Through the English Civil War, the college’s position on a bluff above the rivers Irk and Irwell made it a key defensive asset. Afterwards, disused, damaged by gunpowder and reportedly home to free-ranging pigs, the buildings were acquired by the executors of Humphrey Chetham in 1653.  Chetham’s will stipulated the establishment of a free public Library, ‘for the use of schollars and others well affected’, and a School for the education of forty poor boys from honest families.
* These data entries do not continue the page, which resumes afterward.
Lemma left_half_mean_close (y eps : R) : 1/4 <= y < 3/8 -> 0 < eps ->
  mean_close Fex Qex y (fun _ => true) eps.
Proof.
  intros Hy He. set (r := / (8 * (1/2 - y))).
  assert (Hr : 0 <= r < 1).
  { unfold r. split; [left; apply Rinv_0_lt_compat; lra|].
    apply Rmult_lt_reg_r with (8 * (1/2 - y)); [lra|]. rewrite Rinv_l by lra. lra. }
  assert (Hscale : (1/2 - y) * r = 1/8) by (unfold r; field; lra).
  apply mean_close_cesaro, cesaro_limsup_geometric with (C := 1/2 - y) (r := r); try lra.
  intros [|k].
  - simpl. rewrite dist_set_in by (unfold Qex; lra). lra.
  - destruct (left_half_orbit y Hy k) as [Hlow Hgap]. fold r in Hgap.
    eapply Rle_trans; [apply dist_set_le with (q := 1/4); unfold Qex; lra|].
    rewrite Rabs_left1 by lra.
    replace ((1/2 - y) * r ^ S k) with (1/8 * r ^ k) by (rewrite <- Hscale; simpl; ring).
    lra.
Qed.

Lemma Q_finitely_mean_equi_invariant : finitely_mean_equi_invariant X01 Fex Qex.
Proof.
  intros x Hx. split; [exact Hx|]. intros eps He. exists 1. split; [lra|].
  exists (cons (fun _ => false) (cons (fun _ => true) nil)).
  intros y [_ [_ Hy]]. unfold Qex in Hy.
  destruct (Rle_lt_dec (3/8) y).
  - exists (fun _ => false). split; [simpl; auto|]. apply right_half_mean_close; lra.
  - exists (fun _ => true). split; [simpl; auto|]. apply left_half_mean_close; lra.
Qed.

(* Once the control 1 is used, the orbit of 3/8 enters the low band for good. *)
Lemma control_one_fails (omega : nat -> bool) (n : nat) : omega n = true ->
  ~ mean_close Fex Qex (3/8) omega (1/8).
Proof.
  intros Hn. rewrite mean_close_cesaro. apply (cesaro_limsup_ge _ _ (S n)); [lra| |].
  - intro i. apply dist_set_nonneg with (q := 1/4). unfold Qex; lra.
  - assert (Hbefore : 0 <= phi Fex n (3/8) omega <= 1/8 \/
                      3/8 <= phi Fex n (3/8) omega <= 1/2).
    { apply (orbit_stays _ (fun x => 0 <= x <= 1/8 \/ 3/8 <= x <= 1/2) _ _ 0);
        [|simpl; lra|lia].
      intros k x _ Hx. apply low_band_or_right_half_invariant, Hx. }
    intros i Hi. apply low_band_far.
    apply (orbit_stays _ (fun x => 0 <= x <= 1/8) _ _ (S n)); auto.
    + intros k x _ Hx. apply low_band_invariant, Hx.
    + simpl. rewrite Hn. apply F1_to_low_band, Hbefore.
Qed.

(* Under the control 0, the doubling branch of F0 pushes 3/8 - s out of
   [1/4,3/8) and onto the fixed point 1/8 of F0. *)
Lemma control_zero_orbit (omega : nat -> bool) (s : R) :
  (forall n, omega n = false) -> 0 < s <= 1/16 ->
  exists N, forall i, (N <= i)%nat -> phi Fex i (3/8 - s) omega = 1/8.
Proof.
  intros Hzero Hs. set (y := 3/8 - s).
  assert (Hinv : forall k, phi Fex k y omega = 1/8 \/
            (1/8 <= phi Fex k y omega < 3/8 /\
             s <= (1/2) ^ k * (3/8 - phi Fex k y omega))).
  { induction k as [|k [Hfix|[Hband Hgap]]].
    - right. simpl. unfold y. lra.
    - left. simpl. rewrite Hfix, Hzero. simpl. piecewise.
    - simpl phi. rewrite Hzero. simpl Fex.
      destruct (Rlt_le_dec (phi Fex k y omega) (1/4)).
      + left. piecewise.
      + right. replace (F0 (phi Fex k y omega)) with (2 * phi Fex k y omega - 3/8)
          by piecewise.
        split; [lra|]. simpl. lra. }
  destruct (pow_lt_1_zero (1/2) ltac:(rewrite Rabs_pos_eq; lra) (4 * s) ltac:(lra))
    as [N HN].
  specialize (HN N (le_n _)). rewrite Rabs_pos_eq in HN by (apply pow_le; lra).
  exists N. apply (orbit_stays _ (fun x => x = 1/8)).
  - intros k x _ ->. rewrite Hzero. simpl. piecewise.
  - destruct (Hinv N) as [Hfix|[Hband Hgap]]; [exact Hfix|].
    assert ((1/2) ^ N * (3/8 - phi Fex N y omega) <= (1/2) ^ N * (1/4))
      by (apply Rmult_le_compat_l; [apply pow_le|]; lra).
    lra.
Qed.

Lemma control_zero_fails (omega : nat -> bool) (s : R) :
  (forall n, omega n = false) -> 0 < s <= 1/16 ->
  ~ mean_close Fex Qex (3/8 - s) omega (1/8).
Proof.
  intros Hzero Hs. destruct (control_zero_orbit omega s Hzero Hs) as [N HN].
  rewrite mean_close_cesaro. apply (cesaro_limsup_ge _ _ N); [lra| |].
  - intro i. apply dist_set_nonneg with (q := 1/4). unfold Qex; lra.
  - intros i Hi. rewrite (HN i Hi). apply low_band_far; lra.
Qed.

Lemma three_eighths_not_mean_equi_invariant_point :
  ~ mean_equi_invariant_point X01 Fex Qex (3/8).
Proof.
  intros [_ H]. destruct (H (1/8)) as [delta [Hdelta [omega Homega]]]; [lra|].
  destruct (classic (exists n, omega n = true)) as [[n Hn]|Hnone].
  - apply (control_one_fails omega n Hn), Homega.
    unfold in_ball_Q, X01, Qex. rewrite Rminus_diag, Rabs_R0. lra.
  - assert (Hzero : forall n, omega n = false).
    { intro n. destruct (omega n) eqn:E; auto. exfalso; eauto. }
    set (s := Rmin delta (1/8) / 2).
    assert (Hs : 0 < s <= 1/16 /\ s < delta).
    { unfold s. pose proof (Rmin_l delta (1/8)). pose proof (Rmin_r delta (1/8)).
      assert (0 < Rmin delta (1/8)) by (apply Rmin_glb_lt; lra). lra. }
    apply (control_zero_fails omega s Hzero ltac:(lra)), Homega.
    unfold in_ball_Q, X01, Qex.
    replace (3/8 - s - 3/8) with (- s) by lra. rewrite Rabs_Ropp, Rabs_pos_eq; lra.
Qed.

Theorem mainTheorem17 :
  finitely_mean_equi_invariant X01 Fex Qex /\
  ~ mean_equi_invariant X01 Fex Qex /\
  ~ mean_equi_invariant_point X01 Fex Qex (3/8).
Proof.
  split; [exact Q_finitely_mean_equi_invariant|].
  split; [|exact three_eighths_not_mean_equi_invariant_point].
  intro Hinv. apply three_eighths_not_mean_equi_invariant_point.
  apply Hinv. unfold Qex; lra.
Qed.
(* [1 - tau] times [favg_cocoercive y] plus [tau] times convexity at [xs];
   since [alpha = L tau / (1 - tau)], the inner products match exactly. *)
Lemma lyap_decrease z (y := y_of L G x0 z) :
  f y - f xs <= tau * (lyap z - mean (fun i => lyap (z_next L G x0 z i)))
    + (1 - tau) * (f x0 - f xs - dotv (gf x0) (gf x0) / (2 * L)).
Proof.
rewrite mean_lyap_z_next -/y.
have tau0 := tau_gt0; have th0 : 0 < 1 - tau by rewrite one_sub_tau_n invr_gt0.
have L_neq0 : L != 0 by rewrite gt_eqF.
set g0 := gf x0; set gy := gf y.
set S := mean (fun i => dotv (G i x0 - G i y) (G i x0 - G i y)).
have yE : (1 - tau) *: (x0 - y) + tau *: (xs - y)
    = tau *: (xs - z) + ((1 - tau) / L) *: g0.
  by rewrite /y /y_of; apply/rowP => j; rewrite !mxE; ring.
have dot_yE : (1 - tau) * dotv gy (x0 - y) + tau * dotv gy (xs - y)
    = - (tau * dotv gy (z - xs)) + (1 - tau) / L * dotv gy g0.
  rewrite -!dotvZr -dotvDr yE dotvDr (dotvZr tau) -[xs - z]opprB dotvNr mulrN.
  by rewrite (dotvZr tau).
have tau_alpha : tau * (2 * al)^-1 = (1 - tau) / (2 * L).
  by rewrite /alpha_n; field; rewrite !gt_eqF.
set X := S + _ + _.
have -> : tau * (lyap z - (lyap z - dotv gy (z - xs) + (2 * al)^-1 * X))
    = tau * dotv gy (z - xs) - (tau * (2 * al)^-1) * X by ring.
rewrite tau_alpha /X dotvBl.
have := ler_wpM2l (ltW th0) (favg_cocoercive y).
have := ler_wpM2l (ltW tau0) (favg_lower y xs).
rewrite -/y -/gy -/g0 -/S; lra.
Qed.

Lemma dist_x0_sqr : dotv (x0 - xs) (x0 - xs) <= R0 ^+ 2.
Proof.
rewrite -enorm_sqr lerXn2r ?nnegrE ?enorm_ge0 //.
exact: le_trans (enorm_ge0 _) x0_xs.
Qed.

Lemma gap_at_x0 : f x0 - f xs - dotv (gf x0) (gf x0) / (2 * L) <= L / 4 * R0 ^+ 2.
Proof.
apply: le_trans (gap_sub_gradient_le L_gt0 favg_lower favg_upper xs_min x0) _.
by rewrite ler_wpM2l ?divr_ge0 ?(ltW L_gt0) // dist_x0_sqr.
Qed.

Let C := (1 - tau) / tau * (L / 4 * R0 ^+ 2).

Let C_ge0 : 0 <= C.
Proof.
have R0_ge0 : 0 <= R0 := le_trans (enorm_ge0 _) x0_xs.
by rewrite /C one_sub_tau_n !(mulr_ge0, divr_ge0, invr_ge0) // ltW // tau_gt0.
Qed.

Lemma stop_partial_sum_le (h : 'rV[R]_d -> R) (k : R) M : 0 <= k ->
  (forall y, h y <= k * (f y - f xs)) ->
  \sum_(0 <= m < M) p * (1 - p) ^+ m * iter_mean (z_next L G x0) m (h \o y_of L G x0) x0
    <= k * tau * (p * (al / 2 * R0 ^+ 2) + C).
Proof.
move=> k0 hk; have tau0 := tau_gt0.
apply: le_trans (geometric_stop_lyapunov (z_next L G x0) n_gt0 (h \o y_of L G x0) lyap (k * tau) p C
  _ _ C_ge0 lyap_ge0 _ M x0) _.
- by rewrite mulr_ge0 // ltW.
- by rewrite p_n_ge0 -subr_ge0.
- move=> z; apply: (le_trans (hk _)); rewrite -mulrA ler_wpM2l //.
  apply: (le_trans (lyap_decrease z)).
  have tauC : tau * C = (1 - tau) * (L / 4 * R0 ^+ 2).
    by rewrite /C; field; rewrite gt_eqF.
  rewrite [X in _ <= X]mulrDr tauC lerD2l ler_wpM2l ?gap_at_x0 //.
  by rewrite one_sub_tau_n invr_ge0 ltW.
rewrite ler_wpM2l ?mulr_ge0 ?(ltW tau0) // lerD2r ler_wpM2l ?p_n_ge0 //.
apply: ler_wpM2l dist_x0_sqr.
by rewrite divr_ge0 // ltW // alpha_gt0.
Qed.

Lemma stop_boundE :
  tau * (p * (al / 2 * R0 ^+ 2) + C) = L * R0 ^+ 2 * (3 * s - 1) / (4 * s * (s + 1)).
Proof.
rewrite p_nE alpha_nE /C one_sub_tau_n /tau_n; field.
apply/and4P; split; rewrite gt_eqF // subr_gt0 //.
by rewrite sqr_sqrtr ?ler0n // ltr1n.
Qed.

Lemma expect_at_stop_le (h : 'rV[R]_d -> R) (k : R) : 0 <= k ->
  (forall y, 0 <= h y) -> (forall y, h y <= k * (f y - f xs)) ->
  (expect_at_stop L G x0 (fun _ => h)
     <= (k * (L * R0 ^+ 2 * (3 * s - 1) / (4 * s * (s + 1))))%:E)%E.
Proof.
move=> k0 h0 hk; rewrite expect_at_stopE //.
apply: nneseries_le_partial => [m|M]; last by rewrite -stop_boundE mulrA; exact: stop_partial_sum_le.
rewrite !mulr_ge0 ?exprn_ge0 ?p_n_ge0 ?one_sub_p_ge0 //.
by apply: iter_mean_ge0 => z; exact: h0.
Qed.

Lemma expect_gap_le : (expect_at_stop L G x0 (fun _ x => (f x - f xs)%R)
  <= (L * R0 ^+ 2 / (s + 1))%:E)%E.
Proof.
apply: le_trans (expect_at_stop_le (fun x => f x - f xs) 1 ler01 _ _) _.
- by move=> y; rewrite subr_ge0.
- by move=> y; rewrite mul1r.
rewrite lee_fin mul1r -subr_ge0.
have -> : L * R0 ^+ 2 / (s + 1) - L * R0 ^+ 2 * (3 * s - 1) / (4 * s * (s + 1))
    = L * R0 ^+ 2 / (4 * s) by field; rewrite !gt_eqF // addr_gt0.
apply: divr_ge0; first by rewrite mulr_ge0 ?sqr_ge0 // ltW.
by rewrite mulr_ge0 // ltW.
Qed.

Lemma expect_grad_le : (expect_at_stop L G x0 (fun _ x => (enorm (gf x) ^+ 2)%R)
  <= (8 * L ^+ 2 * R0 ^+ 2 / (5 * (s + 1)))%:E)%E.
Proof.
have k0 : 0 <= 2 * L by rewrite mulr_ge0 // ltW.
apply: le_trans (expect_at_stop_le (fun x => enorm (gf x) ^+ 2) (2 * L) k0 _ _) _.
- by move=> y; exact: sqr_ge0.
- move=> y; rewrite enorm_sqr.
  exact: (gradient_sqr_le_gap L_gt0 favg_upper xs_min).
rewrite lee_fin -subr_ge0.
have -> : 8 * L ^+ 2 * R0 ^+ 2 / (5 * (s + 1))
    - 2 * L * (L * R0 ^+ 2 * (3 * s - 1) / (4 * s * (s + 1)))
    = L ^+ 2 * R0 ^+ 2 * (s + 5) / (10 * s * (s + 1)).
  by field; rewrite !gt_eqF // addr_gt0.
have := s_gt0 => s0; apply: divr_ge0; first by apply: mulr_ge0; [rewrite mulr_ge0 ?sqr_ge0 | lra].
by apply: mulr_ge0; lra.
Qed.

Lemma cost_partial_sum M : \sum_(0 <= m < M) p * (1 - p) ^+ m * (oracle_cost n m)%:R
  = 3 * n%:R - (1 - p) ^+ M * (3 * n%:R + 2 * M%:R).
Proof.
elim: M => [|M IHM]; first by rewrite big_nil expr0 mul1r mulr0 addr0 subrr.
rewrite big_nat_recr //= IHM /oracle_cost natrD natrM -natr1 exprS /p_n.
by move: ((1 - n%:R^-1) ^+ M) => q; field.
Qed.

Lemma expect_cost_le : (expect_at_stop L G x0 (fun m _ => ((oracle_cost n m)%:R)%R)
  <= (3 * n)%:R%:E)%E.
Proof.
rewrite expect_at_stopE //; under eq_eseriesr do rewrite /= iter_mean_cst //.
apply: nneseries_le_partial => [m|M].
  by rewrite !mulr_ge0 ?exprn_ge0 ?p_n_ge0 ?one_sub_p_ge0.
by rewrite cost_partial_sum natrM gerBl // mulr_ge0 ?exprn_ge0 ?one_sub_p_ge0.
Qed.

End AccSVRG.

Theorem theorem5 (R : realType) (d n : nat) (L R0 : R)
    (F : 'I_n -> 'rV[R]_d -> R) (G : 'I_n -> 'rV[R]_d -> 'rV[R]_d)
    (x0 xs : 'rV[R]_d) :
  (0 < n)%N -> 0 < L ->
  (forall i x, differentiable (F i) x) ->
  (forall i x v, 'd (F i) x v = dotv (G i x) v) ->
  (forall i, convex_fun (F i)) ->
  (forall i x y, enorm (G i x - G i y) <= L * enorm (x - y)) ->
  (forall x, favg F xs <= favg F x) ->
  enorm (x0 - xs) <= R0 ->
  [/\ (expect_at_stop L G x0
         (fun _ x => (enorm (fullgrad G x) ^+ 2)%R)
       <= (8 * L ^+ 2 * R0 ^+ 2 / (5 * (Num.sqrt (n.+1)%:R + 1)))%:E)%E,
      (expect_at_stop L G x0
         (fun _ x => (favg F x - favg F xs)%R)
       <= (L * R0 ^+ 2 / (Num.sqrt (n.+1)%:R + 1))%:E)%E
    & (expect_at_stop L G x0 (fun m _ => ((oracle_cost n m)%:R)%R)
       <= (3 * n)%:R%:E)%E].
Proof.
move=> n_gt0 L_gt0 dF dFE cF lipG xs_min x0_xs; split.
- exact: expect_grad_le.
- exact: expect_gap_le.
- exact: expect_cost_le.
Qed.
The first pupils were admitted in 1656, and Chetham’s School played a vital role as an educational charity until the 20th century. Around it, the medieval town of Manchester flourished and grew into the world’s first industrial city – a journey chronicled in 1876 by Isabella Banks in her novel The Manchester Man, whose hero Jabez Clegg receives his early education as a student at Chetham’s.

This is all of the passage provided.